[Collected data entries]
Lemma sg_time_cont (f : Lb -> R) t : continuous f -> 0 <= t -> forall e, 0 < e ->
  exists2 delta, 0 < delta & forall u, 0 <= u -> `|u - t| < delta ->
    forall x, `|Tt u f x - Tt t f x| <= e.
Proof.
move=> cf t0 e e0.
have [delta /= delta0 Hdelta] := Tsc f cf e e0.
exists delta => // u u0 ut x.
have close_times (v w : R) : 0 <= v -> 0 <= w -> `|w - v| < delta ->
    `|Tt w f x - Tt v f x| <= e.
  move=> v0 w0 wv; wlog vw : v w v0 w0 wv / v <= w.
    move=> H; have [/H|/ltW wv'] := leP v w; first exact.
    by rewrite distrC; apply: H => //; rewrite distrC.
  have [->|vw'] := eqVneq w v; first by rewrite subrr normr0 ltW.
  have wv0 : 0 <= w - v by rewrite subr_ge0.
  have -> : w = v + (w - v) by rewrite addrC subrK.
  rewrite Ts // -sg_sub //; last exact: Tc.
  apply: sg_norm_le => //; first by apply: cont_sub => //; exact: Tc.
  move=> y; apply: ltW; apply: Hdelta.
    by rewrite /ball /= sub0r normrN.
  by rewrite lt_def subr_eq0 vw' wv0.
exact: close_times.
Qed.

Section ChainComparison.
Variables (d : nat) (b : 'I_d -> Lb -> R) (coef : (Lb -> R) -> 'I_d -> R) (K : R).
Hypothesis cb : forall i, continuous (b i).
Hypothesis coefD : forall f g i, coef (fun x => f x + g x) i = coef f i + coef g i.
Hypothesis coefK : forall f, span_of d b f -> forall x, \sum_i coef f i * b i x = f x.
Hypothesis coef_norm :
  forall f C, (forall x, `|f x| <= C) -> \sum_i `|coef f i| <= K * C.
Hypothesis K0 : 0 <= K.

Local Notation cnorm f := (\sum_i `|coef f i|).

Lemma span_coefE f : span_of d b f -> f = fun x => \sum_i coef f i * b i x.
Proof. by move=> fs; apply: boolp.funext => x; rewrite coefK. Qed.

Variables (g : 'I_d -> Lb -> R) (s r B : R).
Hypothesis g_span : forall i, span_of d b (g i).

(* One step of the discrete evolution, read in the basis [b]: [b i] is
   replaced by [g i], whose trace on [L_n] is [T_n] applied to that of [b i]. *)
Definition chain_step (f : Lb -> R) : Lb -> R := fun x => \sum_i coef f i * g i x.

Lemma chain_step_span f : span_of d b (chain_step f).
Proof. exact: span_lincomb. Qed.

Lemma iter_chain_step_span k f : span_of d b f -> span_of d b (iter k chain_step f).
Proof. by case: k => [//|k] _; exact: chain_step_span. Qed.

Lemma pi_iter_chain_step (iota : forall n, L n -> Lb) n :
  (forall i, pi_n iota n (g i) = Top n (pi_n iota n (b i))) ->
  forall k f, span_of d b f ->
    pi_n iota n (iter k chain_step f) = iter k (Top n) (pi_n iota n f).
Proof.
move=> gT k f fs; elim: k => [//|k IH]; rewrite !iterS -IH.
apply: boolp.funext => l; rewrite [in RHS](span_coefE _ (iter_chain_step_span k _ fs)).
rewrite [RHS]Top_lincomb; apply: eq_bigr => i _; congr (_ * _).
by rewrite -gT.
Qed.

Hypotheses (s0 : 0 <= s) (r0 : 0 <= r) (B0 : 0 <= B).
Hypothesis Tb_g : forall i x, `|Tt s (b i) x - g i x| <= s * r.
Hypothesis g_b : forall i x, `|g i x - b i x| <= s * B.

Lemma chain_step_err f : span_of d b f ->
  forall x, `|Tt s f x - chain_step f x| <= cnorm f * (s * r).
Proof.
move=> fs x; rewrite {1}(span_coefE _ fs) sg_lincomb // -sumrB mulr_suml.
apply: le_trans (ler_norm_sum _ _ _) _; apply: ler_sum => i _.
by rewrite -mulrBr normrM ler_wpM2l.
Qed.

Lemma chain_step_norm f : span_of d b f ->
  cnorm (chain_step f) <= (1 + s * (K * B)) * cnorm f.
Proof.
move=> fs; pose D x := \sum_i coef f i * (g i x - b i x).
have -> : chain_step f = fun x => f x + D x.
  rewrite {2}(span_coefE _ fs); apply: boolp.funext => x.
  by rewrite -big_split /=; apply: eq_bigr => i _; rewrite -mulrDr addrC subrK.
have D_le x : `|D x| <= cnorm f * (s * B).
  apply: le_trans (ler_norm_sum _ _ _) _; rewrite mulr_suml; apply: ler_sum => i _.
  by rewrite normrM ler_wpM2l.
have HD := coef_norm _ _ D_le.
under eq_bigr do rewrite coefD.
apply: le_trans (ler_sum _ (fun i _ => ler_normD _ _)) _; rewrite big_split /=.
rewrite mulrDl mul1r lerD2l (_ : s * (K * B) * _ = K * (cnorm f * (s * B))) //.
by ring.
Qed.

Lemma iter_chain_step_norm f j : span_of d b f ->
  cnorm (iter j chain_step f) <= expR (j%:R * (s * (K * B))) * cnorm f.
Proof.
move=> fs; apply: (@le_expR_geometric _ (fun j => cnorm (iter j chain_step f))).
- by apply: mulr_ge0 => //; exact: mulr_ge0.
- exact: sumr_ge0.
- by move=> k; rewrite iterS; apply: chain_step_norm; exact: iter_chain_step_span.
Qed.

Lemma sg_iter_chain_step f k : span_of d b f -> forall x,
  `|Tt (k%:R * s) f x - iter k chain_step f x| <=
    k%:R * s * r * expR (k%:R * s * (K * B)) * cnorm f.
Proof.
move=> fs x.
have -> : k%:R * s * r * expR (k%:R * s * (K * B)) * cnorm f =
    k%:R * (expR (k%:R * (s * (K * B))) * cnorm f * (s * r)) by rewrite !mulrA; ring.
apply: (@sg_telescope s k (fun j => iter j chain_step f)) => //.
  by move=> j; apply: (span_cont cb); exact: iter_chain_step_span.
move=> j /ltnW jk y; rewrite iterS.
apply: le_trans (chain_step_err _ (iter_chain_step_span j _ fs) y) _.
rewrite ler_wpM2r //; first by apply: mulr_ge0.
apply: le_trans (iter_chain_step_norm _ j fs) _; rewrite ler_wpM2r ?sumr_ge0 //.
rewrite ler_expR ler_wpM2r ?ler_nat //.
by apply: mulr_ge0 => //; exact: mulr_ge0.
Qed.

End ChainComparison.

Variables (iota : forall n, L n -> Lb) (Fm : nat -> set (Lb -> R)) (eps : nat -> R)
  (A : (Lb -> R) -> (Lb -> R)).
Hypothesis cpt : compact [set: Lb].
Hypothesis HFm : forall m, fin_dim_subspace (Fm m).
Hypothesis HA3 : forall m, \forall n \near \oo, forall f, Fm m f ->
  exists g, Fm m g /\ pi_n iota n g = Top n (pi_n iota n f).
Hypothesis eps_gt0 : forall n, 0 < eps n.
Hypothesis eps_cvg : eps @ \oo --> 0.
Hypothesis HA4 : forall m f, Fm m f ->
  Fm m (A f) /\
  forall g : nat -> Lb -> R,
    (\forall n \near \oo, Fm m (g n) /\
       pi_n iota n (g n) =
         (fun lam => (Top n (pi_n iota n f) lam - pi_n iota n f lam) / eps n)) ->
    ucvg \oo g (A f).
Hypothesis Hgen : generated_by_closure Tt (\bigcup_m Fm m) A.

Lemma ucvg_eps (G : R -> Lb -> R) f : ucvg (0^'+) G f -> ucvg \oo (fun n => G (eps n)) f.
Proof.
move=> HG e e0; have [delta /= delta0 Hdelta] := HG e e0.
apply: filterS (cvgr0_norm_lt _ eps_cvg _ delta0) => n Hn.
by apply: Hdelta; [rewrite /ball /= sub0r normrN | exact: eps_gt0].
Qed.

Section Basis.
Variables (m d : nat) (b : 'I_d -> Lb -> R).
Hypotheses (HF : Fm m = span_of d b) (cb : forall i, continuous (b i)).

Lemma basis_in_Fm i : Fm m (b i).
Proof. by rewrite HF; exact: span_basis. Qed.

Lemma cont_A_basis i : continuous (A (b i)).
Proof. by apply: (span_cont cb); rewrite -HF; exact: (HA4 _ _ (basis_in_Fm i)).1. Qed.

Lemma basis_lift_exists : exists g : nat -> 'I_d -> Lb -> R, \forall n \near \oo,
  forall i, Fm m (g n i) /\ pi_n iota n (g n i) = Top n (pi_n iota n (b i)).
Proof.
apply: (@near_choice _ _ (Lb -> R) \oo
  (fun n i g => Fm m g /\ pi_n iota n g = Top n (pi_n iota n (b i)))).
apply: filterS (HA3 m) => n Hn i.
exact: Hn _ (basis_in_Fm i).
Qed.

Lemma sg_generator_basis i :
  ucvg \oo (fun n x => (Tt (eps n) (b i) x - b i x) / eps n) (A (b i)).
Proof.
apply: (ucvg_eps (fun s x => (Tt s (b i) x - b i x) / s)).
apply/(Hgen _ _ (cb i) (cont_A_basis i)); exists (fun=> b i); split.
  by move=> _; exists m => //; exact: basis_in_Fm.
by split=> e e0; apply: nearW => _ x; rewrite subrr normr0.
Qed.

Lemma basis_lift_generator (g : nat -> 'I_d -> Lb -> R) :
  (\forall n \near \oo,
     forall i, Fm m (g n i) /\ pi_n iota n (g n i) = Top n (pi_n iota n (b i))) ->
  forall i, ucvg \oo (fun n x => (g n i x - b i x) / eps n) (A (b i)).
Proof.
move=> Hg i; apply: (HA4 _ _ (basis_in_Fm i)).2.
apply: filterS Hg => n /(_ i) [gF gT]; split; last first.
  by apply: boolp.funext => l; rewrite /pi_n -gT.
rewrite HF (_ : (fun x => _) = fun x => (eps n)^-1 * g n i x + - (eps n)^-1 * b i x).
  by apply: span_lin2; rewrite -HF //; exact: basis_in_Fm.
by apply: boolp.funext => x; rewrite mulrBl mulrC mulNr (mulrC _ (b i x)).
Qed.

(* Both the semigroup over one time step [eps n] and the lifted chain step
   move [b i] by [eps n * A (b i) + o(eps n)], uniformly. *)
Lemma basis_lift_consistent (g : nat -> 'I_d -> Lb -> R) :
  (\forall n \near \oo,
     forall i, Fm m (g n i) /\ pi_n iota n (g n i) = Top n (pi_n iota n (b i))) ->
  exists2 B, 0 <= B & forall r, 0 < r -> \forall n \near \oo, forall i x,
    `|Tt (eps n) (b i) x - g n i x| <= eps n * r /\
    `|g n i x - b i x| <= eps n * B.
Proof.
move=> Hg.
have [A0 [A00 HA0]] := continuous_family_bounded _ cpt cont_A_basis.
exists (A0 + 1); first lra.
move=> r r0; have r2 : 0 < Num.min (r / 2) 1 by rewrite lt_min ltr01 andbT; lra.
apply: filterS2 (filter_forall _ (fun i => basis_lift_generator _ Hg i _ r2))
  (filter_forall _ (fun i => sg_generator_basis i _ r2)) => n Hlift Hsg i x.
have e0 := eps_gt0 n.
have := Hlift i x; have := Hsg i x; rewrite !lt_min => /andP[Hu _] /andP[Hv Hv1].
set u := _ - A (b i) x in Hu; set v := _ - A (b i) x in Hv Hv1.
have Av : g n i x - b i x = eps n * (v + A (b i) x).
  by rewrite /v subrK mulrC divfK // gt_eqF.
split.
  have -> : Tt (eps n) (b i) x - g n i x = eps n * (u - v).
    by rewrite /u /v; field; rewrite gt_eqF.
  rewrite normrM gtr0_norm // ler_pM2l //.
  by apply: le_trans (ler_normD _ _) _; rewrite normrN; lra.
rewrite Av normrM gtr0_norm // ler_pM2l //.
by apply: le_trans (ler_normD _ _) _; have := HA0 i x; lra.
Qed.

End Basis.

Arguments basis_lift_exists {m d b}.
Arguments basis_lift_consistent {m d b}.
Lemma chain_span_error m phi (T : R) : Fm m phi -> 0 <= T ->
  forall e, 0 < e -> \forall n \near \oo, forall k, (k%:R * eps n <= T) ->
    forall lam : L n,
      `|iter k (Top n) (pi_n iota n phi) lam - Tt (k%:R * eps n) phi (iota n lam)| <= e.
Proof.
move=> phiF T_ge0 e e0.
have [d [b [cb HF]]] := HFm m.
have phis : span_of d b phi by rewrite -HF.
have [coef [K [K0 coefD coefK coef_norm]]] := span_coordinates b.
have [g Hg] := basis_lift_exists HF.
have [B B0 HB] := basis_lift_consistent HF cb g Hg.
have KB0 : 0 <= K * B by exact: mulr_ge0.
pose C := T * expR (T * (K * B)) * \sum_i `|coef phi i|.
have C0 : 0 <= C by rewrite !mulr_ge0 ?expR_ge0 ?sumr_ge0.
pose r := e / (C + 1).
have r0 : 0 < r by apply: divr_gt0 => //; lra.
have Cr : C * r <= e by rewrite /r mulrA ler_pdivrMr; nra.
apply: filterS2 Hg (HB r r0) => n Hgn HBn k kT lam.
have e0n := eps_gt0 n.
have gs i : span_of d b (g n i) by rewrite -HF; case: (Hgn i).
have gT i : pi_n iota n (g n i) = Top n (pi_n iota n (b i)) by case: (Hgn i).
rewrite -(@pi_iter_chain_step _ b coef coefK _ gs _ _ gT _ _ phis) distrC.
apply: le_trans (@sg_iter_chain_step _ b coef K cb coefD coefK coef_norm K0 (g n) (eps n)
  r B gs (ltW e0n) (ltW r0) B0 (fun i x => (HBn i x).1) (fun i x => (HBn i x).2)
  phi k phis (iota n lam)) _.
apply: le_trans Cr; rewrite (_ : C * r = T * r * expR (T * (K * B)) * \sum_i `|coef phi i|);
  last by rewrite /C; ring.
have ke0 : 0 <= k%:R * eps n by rewrite mulr_ge0 // ltW.
apply: ler_wpM2r; first exact: sumr_ge0.
apply: ler_pM.
- by rewrite mulr_ge0 // ltW.
- exact: expR_ge0.
- by apply: ler_wpM2r => //; exact: ltW.
- by rewrite ler_expR; exact: ler_wpM2r.
Qed.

→ **What is needed**: Using the entries above, give back exactly the line containing "Hypothesis coefK : forall", the line containing "replaced by [g", and every line between them, and nothing else.

→ **Answer box**:
Hypothesis coefK : forall f, span_of d b f -> forall x, \sum_i coef f i * b i x = f x.
Hypothesis coef_norm :
  forall f C, (forall x, `|f x| <= C) -> \sum_i `|coef f i| <= K * C.
Hypothesis K0 : 0 <= K.

Local Notation cnorm f := (\sum_i `|coef f i|).

Lemma span_coefE f : span_of d b f -> f = fun x => \sum_i coef f i * b i x.
Proof. by move=> fs; apply: boolp.funext => x; rewrite coefK. Qed.

Variables (g : 'I_d -> Lb -> R) (s r B : R).
Hypothesis g_span : forall i, span_of d b (g i).

(* One step of the discrete evolution, read in the basis [b]: [b i] is
   replaced by [g i], whose trace on [L_n] is [T_n] applied to that of [b i]. *)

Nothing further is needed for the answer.